WHAT YOU NEED TO DO. Exactly the lines from the opening of the records through the line containing "((j.+1)%:R / n%:R) ^+ i." should be copied, with both included.

:: GIVEN DATA ::

(* Fix an integer $r\ge0$. There is a constant $C_r>0$ depending only on $r$ such that for every $n\ge1$ and every $\theta\in\mathbb{R}^n$, $$\|\theta-P^{(n,r)}\theta\|_\infty\le C_r\,\mathrm{TV}^{(r+1)}(\theta).$$
   Context: $P^{(n,r)}$ is the orthogonal projection matrix in $\mathbb{R}^n$ onto the subspace $\{(p(1/n),p(2/n),\dots,p(n/n)): p\text{ a real polynomial of degree at most } r\}$. For $\theta\in\mathbb{R}^n$: $D^{(1)}\theta=(\theta_2-\theta_1,\dots,\theta_n-\theta_{n-1})$, $D^{(s)}\theta=D^{(1)}(D^{(s-1)}\theta)\in\mathbb{R}^{n-s}$, and $\mathrm{TV}^{(s)}(\theta)=n^{s-1}\|D^{(s)}\theta\|_1$; thus $\mathrm{TV}^{(r+1)}(\theta)=n^{r}\|D^{(r+1)}\theta\|_1$. *)

From HB Require Import structures.
From mathcomp Require Import all_boot all_order all_algebra.
From mathcomp Require Import Rstruct.
From Stdlib Require Rdefinitions.
Local Notation R := Rdefinitions.R.

Set Implicit Arguments.
Unset Strict Implicit.
Unset Printing Implicit Defensive.

Import Order.TTheory GRing.Theory Num.Theory.
Local Open Scope ring_scope.

(* Vandermonde-type matrix whose row space is
   { (p(1/n), ..., p(n/n)) : deg p <= r }  (rows = monomials x^0 .. x^r,
   column j (0-based) corresponds to the point (j+1)/n). *)
Definition polyVander (n r : nat) : 'M[R]_(r.+1, n) :=
  \matrix_(i < r.+1, j < n) ((j.+1)%:R / n%:R) ^+ i.

(* Orthogonal projection matrix onto the row space of A (rows viewed as
   vectors of R^n): with B = row_base A (linearly independent rows spanning
   the same space), P = B^T (B B^T)^{-1} B. *)
Definition orthProj (m n : nat) (A : 'M[R]_(m, n)) : 'M[R]_n :=
  let B := row_base A in (B^T *m invmx (B *m B^T)) *m B.

Definition Pnr (n r : nat) : 'M[R]_n := orthProj (polyVander n r).

(* theta as a sequence indexed from 0 (entry i is theta_{i+1} in the paper) *)
Definition vseq (n : nat) (theta : 'cV[R]_n) (i : nat) : R :=
  match insub i with Some k => theta k 0 | None => 0 end.

Definition D1 (f : nat -> R) : nat -> R := fun i => f i.+1 - f i.
Definition Ds (s : nat) (f : nat -> R) : nat -> R := iter s D1 f.

Definition Dnorm1 (s n : nat) (theta : 'cV[R]_n) : R :=
  \sum_(i < n - s) `|Ds s (vseq theta) i|.

Definition TV (s n : nat) (theta : 'cV[R]_n) : R :=
  (n%:R) ^+ (s.-1) * Dnorm1 s theta.

Definition supnorm (n : nat) (v : 'cV[R]_n) : R :=
  \big[Num.max/0]_(i < n) `|v i 0|.

(* Summing the (r+1)-st differences of theta back up r+1 times writes
   theta_j = G((j+1)/n) + e_j with deg G <= r and |e_j| <= n^r |D^(r+1) theta|_1,
   because 'C(j, k) is a polynomial of degree k in (j+1)/n.  As P fixes the grid
   values of G, theta - P theta = e - P e, and P e is the vector of grid values of
   some U with deg U <= r and |P e|_1 <= sqrt n |P e|_2 <= sqrt n |e|_2 <= n |e|_inf.
   Finally |U(x_i)| <= C_r / n * sum_j |U(x_j)|: Lagrange interpolation at r+1 grid
   nodes about n/(2r+2) apart bounds |U(x_i)| by the values at the nodes, and
   averaging over the ~n/2 translates of these nodes yields the mean over the grid. *)

From HB Require Import structures.
From mathcomp Require Import all_boot all_order all_algebra.
From mathcomp Require Import Rstruct.
From mathcomp Require Import ring lra zify.
From Stdlib Require Rdefinitions.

:::

ANSWER TO THIS PROBLEM.
(* Fix an integer $r\ge0$. There is a constant $C_r>0$ depending only on $r$ such that for every $n\ge1$ and every $\theta\in\mathbb{R}^n$, $$\|\theta-P^{(n,r)}\theta\|_\infty\le C_r\,\mathrm{TV}^{(r+1)}(\theta).$$
   Context: $P^{(n,r)}$ is the orthogonal projection matrix in $\mathbb{R}^n$ onto the subspace $\{(p(1/n),p(2/n),\dots,p(n/n)): p\text{ a real polynomial of degree at most } r\}$. For $\theta\in\mathbb{R}^n$: $D^{(1)}\theta=(\theta_2-\theta_1,\dots,\theta_n-\theta_{n-1})$, $D^{(s)}\theta=D^{(1)}(D^{(s-1)}\theta)\in\mathbb{R}^{n-s}$, and $\mathrm{TV}^{(s)}(\theta)=n^{s-1}\|D^{(s)}\theta\|_1$; thus $\mathrm{TV}^{(r+1)}(\theta)=n^{r}\|D^{(r+1)}\theta\|_1$. *)

From HB Require Import structures.
From mathcomp Require Import all_boot all_order all_algebra.
From mathcomp Require Import Rstruct.
From Stdlib Require Rdefinitions.
Local Notation R := Rdefinitions.R.

Set Implicit Arguments.
Unset Strict Implicit.
Unset Printing Implicit Defensive.

Import Order.TTheory GRing.Theory Num.Theory.
Local Open Scope ring_scope.

(* Vandermonde-type matrix whose row space is
   { (p(1/n), ..., p(n/n)) : deg p <= r }  (rows = monomials x^0 .. x^r,
   column j (0-based) corresponds to the point (j+1)/n). *)
Definition polyVander (n r : nat) : 'M[R]_(r.+1, n) :=
  \matrix_(i < r.+1, j < n) ((j.+1)%:R / n%:R) ^+ i.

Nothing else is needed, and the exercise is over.